● TASK STATEMENT: Which lines of the entries below include "then"? List them all.

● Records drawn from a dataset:
---+---

Lemma JH_neq0 J : J \in JH V E -> J != set0.
Proof.
case/bigcupP => e eP JU; have [I Ie] := piece_nonempty E_neq0 eP.
by apply/eqP => J0; move: (Jfam_card1 JU Ie); rewrite J0 set0I cards0.
Qed.

Lemma sum_mem_card I S : \sum_(i in I) (if i \in S then 1 else 0 : R) = #|S :&: I|%:R.
Proof.
rewrite -big_mkcondr (eq_bigl (fun i => i \in S :&: I)) ?sumr_const // => i.
by rewrite inE andbC.
Qed.

Lemma prod_mem_subset J S :
  \prod_(i in J) (if i \in S then 1 else 0 : R) = if J \subset S then 1 else 0.
Proof.
case: ifP => [sJS|/negbT/subsetPn[i iJ iS]]; first by apply: big1 => i /(subsetP sJS) ->.
by rewrite (bigD1 i) //= (negbTE iS) mul0r.
Qed.

Lemma SH_indicator x : SH V E x ->
  exists2 S, S \in Jfam V & {in JH V E, forall J, x J = if J \subset S then 1 else 0}.
Proof.
case=> _ x01 wx px; pose S := [set i | x [set i] == 1].
have xS i : x [set i] = if i \in S then 1 else 0.
  by rewrite inE; case: eqP => // ?; case: (x01 _ (set1_JH_all i)).
exists S.
  apply/JfamP; split=> [|I IV]; first by rewrite cV subsetT.
  have := wx I IV; rewrite /wsum (eq_bigr _ (fun i _ => xS i)) sum_mem_card.
  by move/eqP; rewrite pnatr_eq1 => /eqP.
move=> J JH; have [J_le1|J_gt1] := leqP #|J| 1.
  have /cards1P[i ->] : #|J| == 1%N by rewrite eqn_leq J_le1 card_gt0 JH_neq0.
  by rewrite xS sub1set.
by rewrite px // -prod_mem_subset; apply: eq_bigr => i _; rewrite xS.
Qed.

Definition indicator S : vec R n :=
  [ffun J => if (J \in JH V E) && (J \subset S) then 1 else 0].

Lemma indicator_SH S : S \in Jfam V -> SH V E (indicator S).
Proof.
move=> SV; have pS i : indicator S [set i] = if i \in S then 1 else 0.
  by rewrite ffunE set1_JH_all sub1set.
split=> [J /negbTE JH|J _|I IV|J JH _].
- by rewrite ffunE JH.
- by rewrite ffunE; case: ifP; [right|left].
- by rewrite /wsum (eq_bigr _ (fun i _ => pS i)) sum_mem_card (Jfam_card1 SV IV).
- by rewrite ffunE JH -prod_mem_subset; apply: eq_bigr => i _; rewrite pS.
Qed.

Lemma marginal_RHS (t : rel (hedge n)) p w : distr V p -> supp_in V E w ->
  {in JH V E, marg p =1 w} -> RHSpolytope V E t w.
Proof.
move=> dp sw pw; have [p0 sp _] := dp.
have sum_edge e K : e \in E -> K \subset cover e ->
    \sum_(J in Jfam e | K \subset J) w J = marg p K.
  move=> eE sK; rewrite -(sum_marg_Jfam sp (EV eE) sK); apply: eq_bigr => J /andP[JU _].
  by rewrite pw // (Jfam_JH _ JU) // inE eE orbT.
split=> // [J /pw <-|I IV|e I i eE Ie iI|e f eE fE _ _ K KU]; first exact: marg_ge0.
- have sIV : [set I] \subset V by rewrite sub1set.
  rewrite /wsum -(distr_marg0 dp) -(sum_marg_Jfam sp sIV (sub0set _)) -sum_Jfam1.
  apply: eq_big => [J|J]; first by rewrite sub0set andbT.
  by rewrite Jfam1 => /imsetP[i iI ->]; rewrite pw // (set1_JH E IV iI).
- have IV := subsetP (EV eE) I Ie.
  rewrite -(pw _ (set1_JH E IV iI)) -(sum_edge e [set i] eE); last first.
    by rewrite sub1set; apply/bigcupP; exists I.
  by under eq_bigl => J do rewrite sub1set; rewrite subrr.
- have sK := Jfam_sub_cover KU.
  rewrite (sum_edge e) ?(sum_edge f) ?subrr //; apply: subset_trans sK (cover_subset _).
    exact: subsetIr.
  exact: subsetIl.
Qed.

Lemma SH_RHS t x : SH V E x -> RHSpolytope V E t x.
Proof.
move=> xSH; have [S SV xS] := SH_indicator xSH.
apply: (marginal_RHS t (distr_dirac R SV)); first by case: xSH.
by move=> J JH; rewrite marg_dirac xS.
Qed.

Lemma MC_marginal p w : distr V p -> supp_in V E w -> {in JH V E, marg p =1 w} -> MC V E w.
Proof.
move=> [p0 sp p1] sw pw.
exists #|Jfam V|, (fun j => indicator (enum_val j)), (fun j => p (enum_val j)).
split=> [j|j||J]; first exact/indicator_SH/enum_valP; first exact: p0.
  by rewrite -(big_enum_val p) (sum_supp sp).
rewrite -(big_enum_val (fun S => p S * indicator S J)) /=.
have [JH|nJH] := boolP (J \in JH V E); last first.
  by rewrite sw // big1 // => S _; rewrite ffunE (negbTE nJH) mulr0.
rewrite -pw // (marg_supp _ sp) big_mkcondr; apply: eq_bigr => S _.
by rewrite ffunE JH /=; case: ifP; rewrite ?mulr1 ?mulr0.
Qed.

End Indicators.

Lemma conv_sub (R : realType) n (P Q : vec R n -> Prop) w :
  (forall x, P x -> Q x) -> conv P w -> conv Q w.
Proof.
by move=> PQ [k [pts [lam [Ppts l0 l1 wE]]]]; exists k, pts, lam; split=> // j; apply/PQ.
Qed.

---+---

● ANSWER TO THIS PROBLEM:
Lemma sum_mem_card I S : \sum_(i in I) (if i \in S then 1 else 0 : R) = #|S :&: I|%:R.
  \prod_(i in J) (if i \in S then 1 else 0 : R) = if J \subset S then 1 else 0.
  exists2 S, S \in Jfam V & {in JH V E, forall J, x J = if J \subset S then 1 else 0}.
have xS i : x [set i] = if i \in S then 1 else 0.
  [ffun J => if (J \in JH V E) && (J \subset S) then 1 else 0].
move=> SV; have pS i : indicator S [set i] = if i \in S then 1 else 0.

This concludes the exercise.